Pastor: Allen Snapp Series: Good Friday Topic: Good Friday Passage: John 19:30, Jeremiah 25:15–17, Romans 5:8–10

Good Friday Message
April 2, 2021
Grace Community Church

Pastor Allen Snapp

 

It is Finished

30 When Jesus had received the sour wine, he said, It is finished, and he bowed his head and gave up his spirit. John 19:30

These three words, It is Finished, are the English translation of one Greek word: tetelestai. Alistair Begg writes that that one word contains “an ocean of meaning in a drop of language.”

On this Good Friday, let’s wade out a bit into that ocean of meaning, where we find these massively magnificent truths:

  1. Jesus paid the debt our sins had incurred

It is finished literally means, paid in full.

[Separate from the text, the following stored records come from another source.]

(* Each identity is an instance of the Borcherds identity (I2) of the intertwining
   operator: (v) and (vii) are the commutator formula (n = 0, at (m, k) = (j, -1) and
   (-1, c)), and (vi) is the case n = -1, m = 0.  At the coefficient of lambda^(c) this
   writes the left-hand side as a finite sum over p of terms W p (c - 1 - p).  Those
   with c - 1 - p a negative integer form the polynomial part, and the others are
   exactly what the formal integral produces, by the binomial identity
   sum_(i <= p) binom(c, i) binom(c - 1 - i, p - i) (-1)^(p - i) = 1. *)

From mathcomp Require Import all_boot all_order all_algebra.
From mathcomp Require Import classical_sets boolp fsbigop.
From mathcomp Require Import complex.
From mathcomp Require Import Rstruct.
From mathcomp Require Import ring zify.
Import Num.Theory GRing.Theory.
Local Open Scope ring_scope.

Lemma fsumE (M : zmodType) (f : nat -> M) (N : nat) :
  (forall j, (N <= j)%N -> f j = 0) -> fsum f = \sum_(j < N) f j.
Proof.
move=> f0; rewrite /fsum fsbig_ord; apply/esym/fsbig_widen => // j [_ /=].
by move/negP; rewrite -leqNgt => /f0.
Qed.

Lemma fsum_single (M : zmodType) (f : nat -> M) (j0 : nat) :
  (forall j, j <> j0 -> f j = 0) -> fsum f = f j0.
Proof.
move=> f0; rewrite (@fsumE _ _ j0.+1) => [|j]; last by move/gtn_eqF/eqP/f0.
rewrite big_ord_recr /= big1 ?add0r // => i _; apply: f0.
by move=> i_j0; have := ltn_ord i; rewrite i_j0 ltnn.
Qed.

Lemma fsum_eq0 (M : zmodType) (f : nat -> M) : (forall j, f j = 0) -> fsum f = 0.
Proof. by move=> f0; rewrite (@fsumE _ _ 0) ?big_ord0. Qed.

Lemma natS_neq0 n : n.+1%:R != 0 :> CC.
Proof. by rewrite pnatr_eq0. Qed.

Lemma fact_neq0 n : (n`!)%:R != 0 :> CC.
Proof. by rewrite pnatr_eq0 -lt0n fact_gt0. Qed.

Lemma gbinom0 x : gbinom x 0 = 1.
Proof. by rewrite /gbinom big_ord0 fact0 divr1. Qed.

Lemma gbinomS x j : gbinom x j.+1 = gbinom x j * (x - j%:R) / j.+1%:R.
Proof.
rewrite /gbinom big_ord_recr /= factS natrM invfM.
have := fact_neq0 j; have := natS_neq0 j; rewrite -natr1 => h1 h2.
by field; rewrite h1 h2.
Qed.

Lemma gbinom_pascal x j : gbinom (x + 1) j.+1 = gbinom x j.+1 + gbinom x j.
Proof.
elim: j => [|j IH]; first by rewrite !gbinomS !gbinom0; field.
rewrite gbinomS IH !gbinomS.
have := natS_neq0 j; have := natS_neq0 j.+1; rewrite -!natr1 => h1 h2.
by field; rewrite h1 h2.
Qed.

Lemma gbinom_nat (n j : nat) : gbinom n%:R j = 'C(n, j)%:R.
Proof.
have gbinom0S k : gbinom 0 k.+1 = 0.
  by elim: k => [|k IH]; rewrite gbinomS ?IH ?gbinom0 ?subrr !(mulr0, mul0r).
elim: n j => [|n IH] [|j]; rewrite ?gbinom0 ?bin0 ?gbinom0S ?bin0n //.
by rewrite -natr1 gbinom_pascal !IH binS natrD.
Qed.

Lemma gbinomN1 j : gbinom (-1) j = (-1) ^+ j.
Proof.
elim: j => [|j IH]; first by rewrite gbinom0.
rewrite gbinomS IH exprS; have := natS_neq0 j; rewrite -natr1 => h.
by field.
Qed.

Lemma gbinomN2 j : gbinom (-2) j = (-1) ^+ j * j.+1%:R.
Proof.
elim: j => [|j IH]; first by rewrite gbinom0 mulr1.
rewrite gbinomS IH exprS; have := natS_neq0 j; rewrite -!natr1 => h.
by field.
Qed.

Lemma sqrrN1 (k : nat) : (-1 : CC) ^+ k * (-1) ^+ k = 1.
Proof. by rewrite -exprD addnn -mul2n exprM sqrrN !expr1n. Qed.

Lemma gbinom_trinomial c i k :
  gbinom c i * gbinom (c - i%:R) k = gbinom c (i + k) * 'C(i + k, i)%:R.
Proof.
rewrite /gbinom big_split_ord /=.
have := bin_fact (leq_addr k i); rewrite addKn => hb.
have -> : \prod_(t < k) (c - i%:R - t%:R) = \prod_(t < k) (c - (i + t)%:R).
  by apply: eq_bigr => t _; rewrite natrD opprD addrA.
have := fact_neq0 (i + k); rewrite -hb !natrM !mulf_eq0 negb_or => /andP[hC _].
have := fact_neq0 i; have := fact_neq0 k => h1 h2.
by field; rewrite h1 h2.
Qed.

Lemma sum_binom_alt q : \sum_(i < q.+1) 'C(q, i)%:R * (-1) ^+ (q - i) = (q == 0)%N%:R :> CC.
Proof.
have := exprDn (-1 : CC) 1 q; rewrite addNr expr0n => ->.
by apply: eq_bigr => i _; rewrite expr1n mulr1 mulr_natl.
Qed.

Lemma sum_gbinom_alt c q :
  \sum_(i < q.+1) gbinom c i * gbinom (c - i%:R) (q - i) * (-1) ^+ (q - i)
  = (q == 0)%N%:R.
Proof.
transitivity (gbinom c q * \sum_(i < q.+1) 'C(q, i)%:R * (-1) ^+ (q - i)).
  rewrite mulr_sumr; apply: eq_bigr => i _.
  by rewrite gbinom_trinomial subnKC ?mulrA // -ltnS.
by rewrite sum_binom_alt; case: q => [|q]; rewrite ?gbinom0 ?mulr1 ?mulr0.
Qed.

Our sins have wracked up a spiritual debt to God that we could never pay back, and it’s a debt we keep adding to every minute of every day. Our legalistic tendencies are drawn to the idea of settling our bill with God. Legalism leads us to think that doing good works can balance our accounts. Or that by being very religious we can earn God’s approval. Legalism even whispers an odd sense of competition to our souls: we don’t have to be perfect (we know we never will be), but if we’re better people than most; if we are kinder to the poor, more compassionate to the hurting, more caring to the lonely, God will see us as better than most and forget about our shortcomings.

It doesn’t work that way.

The Bible tells us that God doesn’t grade on a curve: perfect sinlessness is His one standard, and by that standard, even our good works are filthy rags in His sight. Nothing we can do or offer can pay back the debt we owe to God.

We stand before God with an infinitely large debt, empty hands, and no means of paying off our debt.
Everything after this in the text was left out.